Alternatively, the MPU 51 may perform processing of outputting white noise data of a
predetermined level, or processing of outputting data corresponding to stationary noise
generated regularly by the sound collection system. You may make it MPU51 do.
[0119]
Next, in S114, the process of decrementing the value of the variable n, that is, the process of
subtracting 1 from the current value of the variable n, substituting the value of the subtraction
result into the variable n, is performed. Processing is returned, and processing based on the new
04-05-2019
35
value of the variable n is performed again.
[0120]
By causing the MPU 51 to perform the above-described control processing, the computer 50 of
FIG. 10 can function as the sound collection device 1.

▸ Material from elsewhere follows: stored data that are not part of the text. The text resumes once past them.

(* Let $2\le R<K$ and $\epsilon\in(0,1)$, and let $$m=\left\lceil\frac{K(K-1)}{(K-R)(R-1)}\log\!\Big(\frac{K}{\epsilon}\Big)\right\rceil.$$ Choose $\mathcal{Y}_1,\ldots,\mathcal{Y}_m$ independently and uniformly at random among the $R$-element subsets of $[K]$. Let $Z$ be uniform on $[K]$, independent of the $\mathcal{Y}_i$, and, given $\mathcal{Y}_1,\ldots,\mathcal{Y}_m$ and $Z=k$, let $Y_1,\ldots,Y_m$ be conditionally independent with $Y_i=k$ if $k\in\mathcal{Y}_i$ and $Y_i$ uniform on $\mathcal{Y}_i$ if $k\notin\mathcal{Y}_i$. Let $g$ be the maximum-likelihood decoder $g(y)\in\arg\max_{k\in[K]}\mathcal{L}(y;k)$ with $\mathcal{L}(y;k)=\prod_{i=1}^m\mathbb{P}(Y_i=y_i\mid Z=k,\mathcal{Y}_1,\ldots,\mathcal{Y}_m)$, ties broken arbitrarily. Then $\mathbb{P}(g(Y)\ne Z)\le\epsilon$, where the probability is over the random choice of the $\mathcal{Y}_i$, of $Z$, and of $Y$.
   Context: $[K]=\{1,\ldots,K\}$; $\log$ denotes the natural logarithm. *)

From HB Require Import structures.
From mathcomp Require Import all_boot all_order all_algebra.
From mathcomp Require Import reals exp.
Set Implicit Arguments. Unset Strict Implicit. Unset Printing Implicit Defensive.
Import Order.TTheory GRing.Theory Num.Theory.
Local Open Scope ring_scope.

Section Coded.
Variables (R : realType) (K r m : nat).

(* P(Y_i = y | Z = z, calY_i = S): y = z if z in S, uniform on S otherwise. *)
Definition chan (S : {set 'I_K}) (z y : 'I_K) : R :=
  if z \in S then (y == z)%:R else (y \in S)%:R / r%:R.

Definition lik (Ys : {ffun 'I_m -> {set 'I_K}}) (y : {ffun 'I_m -> 'I_K})
    (k : 'I_K) : R :=
  \prod_(i < m) chan (Ys i) k (y i).

Definition validYs (Ys : {ffun 'I_m -> {set 'I_K}}) : bool :=
  [forall i, #|Ys i| == r].

Definition is_ML
    (g : {ffun 'I_m -> {set 'I_K}} -> {ffun 'I_m -> 'I_K} -> 'I_K) : Prop :=
  forall Ys y k, validYs Ys -> lik Ys y k <= lik Ys y (g Ys y).

Definition err_prob
    (g : {ffun 'I_m -> {set 'I_K}} -> {ffun 'I_m -> 'I_K} -> 'I_K) : R :=
  \sum_(Ys | validYs Ys) \sum_(z : 'I_K) \sum_(y : {ffun 'I_m -> 'I_K})
    ((('C(K, r))%:R)^-1 ^+ m * (K%:R)^-1 * lik Ys y z * (g Ys y != z)%:R).

End Coded.

From HB Require Import structures.
From mathcomp Require Import all_boot all_order all_algebra.
From mathcomp Require Import reals exp sequences.
From mathcomp Require Import ring lra zify.
Set Implicit Arguments. Unset Strict Implicit. Unset Printing Implicit Defensive.
Import Order.TTheory GRing.Theory Num.Theory.
Local Open Scope ring_scope.

(* Union bound: if the ML decoder errs on the true symbol z and L(y;z) > 0,
   some k <> z has L(y;k) >= L(y;z); hence
     L(y;z) [g(y) <> z] <= sum_(k <> z) prod_i conf(Y_i, z, k, y_i),
   where conf S z k x = chan S k x * [chan S z x <> 0] is the probability that
   symbol k produces the observation x and that x is compatible with z.
   Each product factorises over the m independent queries, so summing over y
   and over the uniform r-subsets gives (sum_S overlap S z k)^m, with
   overlap S z k = sum_x conf S z k x.  Counting r-subsets by whether they
   contain z and k shows sum_S overlap S z k = C(K,r) (K-r)/(K-1).  Hence
     P(error) <= (K-1) ((K-r)/(K-1))^m,
   and 1 - x <= exp(-x) together with the choice of m bounds this by eps. *)

Section Overlap.
Variables (R : realType) (K r : nat).
Hypothesis r_gt0 : (0 < r)%N.

Lemma chan_ge0 (S : {set 'I_K}) (z y : 'I_K) : 0 <= @chan R K r S z y.
Proof. by rewrite /chan; case: ifP => _; rewrite ?divr_ge0 ?ler0n. Qed.

Definition conf (S : {set 'I_K}) (z k x : 'I_K) : R :=
  @chan R K r S k x * (@chan R K r S z x != 0)%:R.

Lemma conf_ge0 (S : {set 'I_K}) (z k x : 'I_K) : 0 <= conf S z k x.
Proof. by rewrite mulr_ge0 ?ler0n ?chan_ge0. Qed.

Definition overlap (S : {set 'I_K}) (z k : 'I_K) : R := \sum_x conf S z k x.

Lemma r_neq0 : (r%:R : R) != 0.
Proof. by rewrite pnatr_eq0 -lt0n. Qed.

(* If z is in S, only the output z is compatible with z, and k (outside S)
   produces it with probability 1/r; otherwise every output of k lies in S,
   and all of S is compatible with z. *)
Lemma overlapE (S : {set 'I_K}) (z k : 'I_K) : k != z -> #|S| = r ->
  overlap S z k = if z \in S then (k \notin S)%:R / r%:R else 1.
Proof.
move=> kz cardS; rewrite /overlap /conf; case: ifP => zS.
  rewrite (bigD1 z) //= big1 => [|x xz]; last first.
    by rewrite /chan zS (negbTE xz) eqxx mulr0.
  rewrite addr0 /chan zS eqxx oner_eq0 mulr1 eq_sym (negbTE kz).
  by case: (k \in S); rewrite ?mul0r ?mul1r.
have compatE x : (@chan R K r S z x != 0) = (x \in S).
  rewrite /chan zS mulf_eq0 invr_eq0 negb_or r_neq0 andbT.
  by case: (x \in S); rewrite ?oner_eq0 ?eqxx.
under eq_bigr do rewrite compatE mulr_natr mulrb.
rewrite -big_mkcond /=; case kS: (k \in S).
  rewrite (bigD1 k) //= big1 => [|x /andP[_ xk]]; last first.
    by rewrite /chan kS (negbTE xk).
  by rewrite /chan kS eqxx addr0.
rewrite (eq_bigr (fun _ => (r%:R : R)^-1)) => [|x xS]; last first.
  by rewrite /chan kS xS mul1r.
by rewrite sumr_const cardS -(mulr_natr ((r%:R : R)^-1)) mulVf // r_neq0.
Qed.

Lemma sum_rsubsets (B : {set 'I_K}) :
  \sum_(S : {set 'I_K} | (#|S| == r) && (S \subset B)) (1 : R) = 'C(#|B|, r)%:R.
Proof.
rewrite (eq_bigr (fun _ => 1%N%:R)) // -natr_sum sum1dep_card -cards_draws.
by congr (_%:R); apply: eq_card => S; rewrite !inE andbC.
Qed.

Lemma subsetC1 (S : {set 'I_K}) (z : 'I_K) : (S \subset [set~ z]) = (z \notin S).
Proof. by rewrite subsetC sub1set inE. Qed.

(* Subsets containing z but not k: those avoiding k minus those avoiding both. *)
Lemma sum_rsubsets_in_notin (z k : 'I_K) : k != z ->
  \sum_(S : {set 'I_K} | (#|S| == r) && (z \in S)) ((k \notin S)%:R : R)
  = 'C(K.-1, r)%:R - 'C(K.-2, r)%:R.
Proof.
move=> kz.
have card2 : #|[set~ k] :&: [set~ z]| = K.-2.
  have := cardsC ([set k] :|: [set z]).
  by rewrite -setCU card_ord cards2 kz /=; lia.
have card1 : #|[set~ k]| = K.-1 by rewrite cardsC1 card_ord.
rewrite -card2 -card1 -!sum_rsubsets.
apply/eqP; rewrite eq_sym subr_eq; apply/eqP.
rewrite [X in _ = _ + X]big_mkcond [X in _ = X + _]big_mkcond.
rewrite [X in X = _]big_mkcond -big_split /=.
apply: eq_bigr => S _; rewrite subsetI !subsetC1.
by case: (#|S| == r); case: (z \in S); case: (k \in S); rewrite /= ?addr0 ?add0r.
Qed.

Hypothesis r_lt_K : (r < K)%N.

Lemma binomial_overlap :
  'C(K.-1, r)%:R + ('C(K.-1, r)%:R - 'C(K.-2, r)%:R) / r%:R
  = 'C(K, r)%:R * ((K%:R - r%:R) / (K%:R - 1)) :> R.
Proof.
have [n K_eq] : exists n, K = n.+2 by exists K.-2; lia.
have [s r_eq] : exists s, r = s.+1 by exists r.-1; lia.
have s_le_n : (s <= n)%N by lia.
rewrite K_eq r_eq /=; clear K_eq r_eq.
have /(congr1 (fun x => x%:R : R)) diag := mul_bin_diag n.+1 s.
have /(congr1 (fun x => x%:R : R)) down := mul_bin_down n.+2 s.+1.
rewrite /= !natrM in diag down; rewrite natrB in down; last by rewrite ltnS ltnW.
have -> : 'C(n.+1, s.+1)%:R - 'C(n, s.+1)%:R = 'C(n, s)%:R :> R.
  by rewrite binS natrD addrAC subrr add0r.
have n2E : (n.+2%:R : R) = n.+1%:R + 1 by rewrite -natr1.
rewrite n2E addrK in down *.
have n_gt0 : (0 : R) < n.+1%:R by rewrite ltr0n.
have s_gt0 : (0 : R) < s.+1%:R by rewrite ltr0n.
have -> : ('C(n, s)%:R : R) = s.+1%:R * 'C(n.+1, s.+1)%:R / n.+1%:R.
  by rewrite -diag mulrC mulKf // pnatr_eq0.
rewrite mulrA (mulrC 'C(n.+2, s.+1)%:R) -down.
by field; lra.
Qed.

Lemma sum_overlap (z k : 'I_K) : k != z ->
  \sum_(S : {set 'I_K} | #|S| == r) overlap S z k
  = 'C(K, r)%:R * ((K%:R - r%:R) / (K%:R - 1)).
Proof.
move=> kz; rewrite -binomial_overlap.
under eq_bigr => S /eqP cardS do rewrite overlapE //.
rewrite (bigID (fun S : {set 'I_K} => z \in S)) /= addrC.
under eq_bigr => S /andP[_ /negbTE ->] do [].
under [X in _ + X]eq_bigr => S /andP[_ ->] do [].
rewrite -mulr_suml sum_rsubsets_in_notin //.
under eq_bigl => S do rewrite -subsetC1.
by rewrite sum_rsubsets cardsC1 card_ord.
Qed.

End Overlap.

Section Decoding.
Variables (R : realType) (K r m : nat).

Lemma lik_ge0 Ys y k : 0 <= @lik R K r m Ys y k.
Proof. by apply: prodr_ge0 => i _; apply: chan_ge0. Qed.

Lemma ML_error_le_confusions g (hg : @is_ML R K r m g) Ys y z : validYs r Ys ->
  @lik R K r m Ys y z * (g Ys y != z)%:R <=
  \sum_(k | k != z) \prod_i conf R r (Ys i) z k (y i).
Proof.
move=> vYs.
have rhs_ge0 : 0 <= \sum_(k | k != z) \prod_i conf R r (Ys i) z k (y i).
  by rewrite sumr_ge0 // => k _; rewrite prodr_ge0 // => i _; apply: conf_ge0.
case: eqP => [_|gz]; first by rewrite mulr0.
have [->|likz] := eqVneq (@lik R K r m Ys y z) 0; first by rewrite mul0r.
(* Where L(y;z) > 0 every output is compatible with z, so conf reduces to chan. *)
have conf_lik k : \prod_i conf R r (Ys i) z k (y i) = @lik R K r m Ys y k.
  rewrite /conf big_split /= [X in _ * X]big1 ?mulr1 // => i _.
  case: eqP => // /eqP chan0; move: likz; rewrite prodf_seq_neq0.
  by move/allP/(_ i (mem_index_enum _)); rewrite chan0.
under eq_bigr do rewrite conf_lik.
rewrite mulr1; apply: le_trans (hg Ys y z vYs) _.
rewrite (bigD1 (g Ys y)) /=; last exact/eqP.
by rewrite lerDl sumr_ge0 // => k _; apply: lik_ge0.
Qed.

Hypotheses (r_gt0 : (0 < r)%N) (r_lt_K : (r < K)%N).

(* Total confusion mass of z by k <> z, over all queries and outputs:
   it factorises over the m independent queries. *)
Lemma confusion_mass (z k : 'I_K) : k != z ->
  \sum_(Ys | validYs r Ys) \sum_(y : {ffun 'I_m -> 'I_K})
    \prod_i conf R r (Ys i) z k (y i)
  = ('C(K, r)%:R * ((K%:R - r%:R) / (K%:R - 1))) ^+ m.
Proof.
move=> kz.
under eq_bigr => Ys _ do
  rewrite -(bigA_distr_bigA (fun i x => conf R r (Ys i) z k x)).
rewrite (eq_bigl (fun Ys => Ys \in ffun_on (fun S : {set 'I_K} => #|S| == r))).
  rewrite -(bigA_distr_big (fun S : {set 'I_K} => #|S| == r)
                           (fun (_ : 'I_m) S => overlap R r S z k)) /=.
  by rewrite (eq_bigr _ (fun i _ => sum_overlap R r_gt0 r_lt_K kz)) prodr_const card_ord.
by move=> Ys; apply/forallP/ffun_onP.
Qed.

Lemma err_prob_le g : @is_ML R K r m g ->
  @err_prob R K r m g <= (K%:R - 1) * ((K%:R - r%:R) / (K%:R - 1)) ^+ m.
Proof.
move=> hg; set C : R := 'C(K, r)%:R; set rho := (K%:R - r%:R) / (K%:R - 1) : R.
set c := C^-1 ^+ m * (K%:R)^-1.
have c_ge0 : 0 <= c by rewrite mulr_ge0 ?exprn_ge0 // invr_ge0 ler0n.
have union : @err_prob R K r m g <=
    c * \sum_z \sum_(Ys | validYs r Ys) \sum_(y : {ffun 'I_m -> 'I_K})
      \sum_(k | k != z) \prod_i conf R r (Ys i) z k (y i).
  rewrite /err_prob exchange_big mulr_sumr ler_sum // => z _.
  rewrite mulr_sumr ler_sum // => Ys vYs.
  rewrite mulr_sumr ler_sum // => y _.
  by rewrite -mulrA ler_wpM2l // ML_error_le_confusions.
have mass z : \sum_(Ys | validYs r Ys) \sum_(y : {ffun 'I_m -> 'I_K})
      \sum_(k | k != z) \prod_i conf R r (Ys i) z k (y i) = (C * rho) ^+ m *+ K.-1.
  under eq_bigr do rewrite exchange_big /=.
  rewrite exchange_big /= (eq_bigr _ (fun k kz => confusion_mass kz)).
  by rewrite sumr_const cardC1 card_ord.
apply: le_trans union _; rewrite le_eqVlt; apply/orP; left; apply/eqP.
have C_neq0 : C != 0 by rewrite pnatr_eq0 -lt0n bin_gt0 ltnW.
have K_neq0 : (K%:R : R) != 0 by rewrite pnatr_eq0; lia.
have K1 : (K.-1%:R : R) = K%:R - 1 by rewrite -subn1 natrB //; lia.
rewrite (eq_bigr _ (fun z _ => mass z)) sumr_const card_ord -mulrnA.
rewrite -[_ *+ (_ * _)]mulr_natr natrM K1 /c exprMn exprVn.
by field; rewrite expf_neq0 // K_neq0.
Qed.

End Decoding.

Lemma union_bound_le_eps (R : realType) (K r : nat) (eps : R) (m : nat)
  (hr : (2 <= r)%N) (hrK : (r < K)%N) (heps0 : 0 < eps) (heps1 : eps < 1)
  (hm : m%:Z = Num.ceil ((K%:R * (K%:R - 1)) / ((K%:R - r%:R) * (r%:R - 1))
                          * ln (K%:R / eps))) :
  (K%:R - 1) * ((K%:R - r%:R) / (K%:R - 1)) ^+ m <= eps.
Proof.
have K_gt1 : (1 : R) < K%:R by rewrite ltr1n; lia.
have r_gt1 : (1 : R) < r%:R by rewrite ltr1n; lia.
have r_lt_K : (r%:R : R) < K%:R by rewrite ltr_nat.
set T := _ * ln _ in hm.
have T_le_m : T <= m%:R by have := ceil_ge T; rewrite -hm.
pose x : R := (r%:R - 1) / (K%:R - 1).
have x_ge0 : 0 <= x by rewrite divr_ge0 //; lra.
have rhoE : (K%:R - r%:R) / (K%:R - 1) = 1 - x :> R by rewrite /x; field; lra.
have rho_ge0 : 0 <= 1 - x by rewrite -rhoE divr_ge0 //; lra.
have log_gt0 : 0 < ln (K%:R / eps) :> R.
  by apply: ln_gt0; rewrite ltr_pdivlMr //; lra.
have ln_le : ln (K%:R / eps) <= x * m%:R.
  apply: le_trans (ler_wpM2l x_ge0 T_le_m); rewrite /T /x mulrA.
  have -> : (r%:R - 1) / (K%:R - 1) * (K%:R * (K%:R - 1) / ((K%:R - r%:R) * (r%:R - 1)))
     = K%:R / (K%:R - r%:R) :> R by field; lra.
  by rewrite ler_peMl //; [lra | rewrite ler_pdivlMr; lra].
have pow_le_exp : (1 - x) ^+ m <= expR (- x) ^+ m.
  apply: lerXn2r; rewrite ?nnegrE ?(ltW (expR_gt0 _)) //.
  by have := expR_ge1Dx (- x); rewrite addrC.
have exp_le : expR (- x) ^+ m <= eps / K%:R.
  rewrite -expRM_natr.
  have -> : eps / K%:R = expR (- ln (K%:R / eps)).
    by rewrite expRN lnK ?invf_div // posrE divr_gt0 //; lra.
  by rewrite ler_expR mulNr lerN2.
rewrite rhoE; apply: le_trans (ler_wpM2l _ (le_trans pow_le_exp exp_le)) _; first lra.
rewrite mulrA ler_pdivrMr; last lra.
by rewrite mulrC ler_wpM2l //; lra.
Qed.

Theorem theorem5 (R : realType) (K r : nat) (eps : R) (m : nat)
  (hr : (2 <= r)%N) (hrK : (r < K)%N) (heps0 : 0 < eps) (heps1 : eps < 1)
  (hm : m%:Z = Num.ceil ((K%:R * (K%:R - 1)) / ((K%:R - r%:R) * (r%:R - 1))
                          * ln (K%:R / eps)))
  (g : {ffun 'I_m -> {set 'I_K}} -> {ffun 'I_m -> 'I_K} -> 'I_K)
  (hg : @is_ML R K r m g) :
  @err_prob R K r m g <= eps.
Proof.
apply: le_trans (union_bound_le_eps hr hrK heps0 heps1 hm).
by apply: err_prob_le => //; lia.
Qed.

The present invention is not limited to the embodiments described above, and at the
implementation stage, various modifications or combinations can be made without departing
from the scope of the invention.
[0121]
For example, although the camera 3 is disposed at substantially the same position as the
microphone array 2 in the above-described embodiment, the camera 3 and the microphone array
2 may be disposed at separate positions. When arranging in this manner, for example, a
conversion table for converting the positional relationship between the camera 3 and the
microphone array 2 is prepared in the sounding body information acquiring unit 10 of the sound
collecting device 1. Then, the sounding body information acquiring unit 10 refers to this
conversion table and arranges the arrangement information of the position, angle and distance
detected by the position detection system 4 from the photographed image of the camera 3 at the
position of the microphone array 2 It may be converted into information.
[0122]
In addition, the following additional remarks are disclosed regarding the embodiment described
above. (Supplementary Note 1) A sound pickup processing means for generating an output sound
signal of which sound collection directivity is controlled based on a plurality of collected sound
signals collected by a microphone array having a plurality of microphones whose relative
positions are fixed. Acquisition means for acquiring information on the number and arrangement
of sounding members present in the sound collection range of the microphone array; acquisition
direction of the sound collection directivity to be directed to the sounding body from the
microphone array; The setting of each of the sounding bodies based on the information on the
arrangement of the sounding bodies acquired by the user, and the sharpness of the sound
04-05-2019
36
collecting directivity directed to the sounding bodies is the number of the sounding bodies
acquired by the acquisition means. Sound collection directivity range setting means set for each
of the sounding bodies based on the information; and the sound collection processing means sets
the sound collection directivity to the direction and sharpness set by the sound collection
directivity range setting means Output signal with controlled nature Forms and outputs sound
collection device, characterized in that. (Supplementary Note 2) The information on the number
and arrangement of sounding members present in the sound collection range of the microphone
array acquired by the acquisition means is obtained from an image obtained by photographing
the sound collection range of the microphone array The sound collection device according to
supplementary note 1, characterized in that (Supplementary Note 3) The sound collection
directivity range setting means further acquires the sharpness of the sound collection directivity
to be directed to the sound generator based on the information on the number of the sound
generator acquired by the acquisition means and the acquisition The sound collection device
according to appendix 1 or 2, wherein the setting is made for each of the sounding bodies based
on the information on the arrangement of the sounding bodies acquired by the means.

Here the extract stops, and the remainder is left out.